I described her hunt for brown dwarfs and the process of observing from the ground in a series of three articles (uno, dos, tres).

Back in 2013, Faherty was an NSF Fellow at the Universidad de Chile, but now she’s Senior Scientist and Senior Education Manager jointly in the Department of Astrophysics and the Department of Education at the American Museum of Natural History in New York City. And today, on the second day of the 243rd American Astronomical Society meeting, currently taking place in New Orleans, Louisiana, she presented her latest work on brown dwarfs.

Instead of using a ground-based observatory in Chile, she leveraged NASA’s powerful space-based JWST to make an exciting discovery about the atmosphere of a brown dwarf…

That’s right! Atmosphere.
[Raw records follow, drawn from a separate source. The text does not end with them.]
Lemma est_fst_S_nonneg_nondecr_l (bar : bool) (k : nat) :
  nonneg_nondecr_l (snd (est M bar k)) -> nonneg_nondecr_l (fst (est M bar (S k))).
Proof.
  intros [Hpos Hmono]. pose proof (gam_ge0 (hor M - 2 - k) ltac:(lia)). split.
  - intros x y Hx. eapply Rle_trans; [|apply est_fst_S_ge; assumption].
    apply Rmult_le_pos; assumption.
  - intros x x' y Hx. rewrite !est_fst_S. destruct Rlt_dec.
    + apply Rmult_le_compat_l; lra.
    + apply Rplus_le_compat; [apply Rmult_le_compat_l; lra|].
      apply Rmult_le_compat_l, fsum_le; [assumption|]. intros m.
      apply Rmult_le_compat_r; [apply weights_ge0; lia | apply Hmono, Hx].
Qed.

Lemma est_snd_nonneg_nondecr_l (bar : bool) (k : nat) : nonneg_nondecr_l (snd (est M bar k)).
Proof.
  induction k as [|k IH].
  - pose proof (gam_ge0 (hor M - 1) (le_n _)). split.
    + intros x y Hx. rewrite est_snd_0. destruct Rlt_dec; [lra|]. apply Rmult_le_pos; assumption.
    + intros x x' y Hx. rewrite !est_snd_0. destruct Rlt_dec; [lra|]. apply Rmult_le_compat_l; lra.
  - destruct (est_fst_S_nonneg_nondecr_l bar k IH) as [Hpos Hmono]. split.
    + intros x y Hx. rewrite est_snd_S. destruct Rlt_dec; [lra|].
      destruct Rlt_dec; apply Hpos; [destruct bar|]; lra.
    + intros x x' y Hx. rewrite !est_snd_S. destruct Rlt_dec; [lra|].
      destruct (Rlt_dec (y - x)), (Rlt_dec (y - x')); try lra;
        apply Hmono; [destruct bar|]; lra.
Qed.

Lemma est_fst_nonneg_nondecr_l (bar : bool) (k : nat) : nonneg_nondecr_l (fst (est M bar k)).
Proof.
  destruct k as [|k].
  - pose proof (gam_ge0 (hor M - 1) (le_n _)). split; intros; rewrite ?est_fst_0.
    + apply Rmult_le_pos; assumption.
    + apply Rmult_le_compat_l; lra.
  - apply est_fst_S_nonneg_nondecr_l, est_snd_nonneg_nondecr_l.
Qed.

Lemma est_fst_S_nondecr_r (k : nat) :
  nondecr_r (snd (est M false k)) -> nondecr_r (fst (est M false (S k))).
Proof.
  intros Hsnd x y y' Hx Hy.
  destruct (est_snd_nonneg_nondecr_l false k) as [Hpos _].
  pose proof (est_fst_S_ge false k x y' Hpos Hx).
  rewrite (est_fst_S _ _ _ x y). destruct Rlt_dec; [assumption|].
  rewrite est_fst_S. destruct Rlt_dec; [lra|].
  apply Rplus_le_compat_l, Rmult_le_compat_l; [assumption|].
  eapply Rle_trans; [apply fsum_le_upper|apply fsum_le].
  - intros m. apply Rmult_le_pos; [apply Hpos, Hx | apply weights_ge0; lia].
  - apply gidx_le; lra.
  - intros m. apply Rmult_le_compat_r; [apply weights_ge0; lia | apply Hsnd; lra].
Qed.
Brown dwarfs don’t have enough mass to sustain nuclear fusion (and shine) like stars, but they aren’t exactly planets either. “There’s no good word,” Faherty said, so she prefers to refer to “extrasolar worlds” to avoid confusion with the problematic words “star” and “planet.”

As I described in one of the 2013 articles about Faherty’s work, she studies the coolest brown dwarfs, ranging in temperature from “the setting to cook your turkey at Thanksgiving to a cold day at the North Pole,” as she said during the press conference.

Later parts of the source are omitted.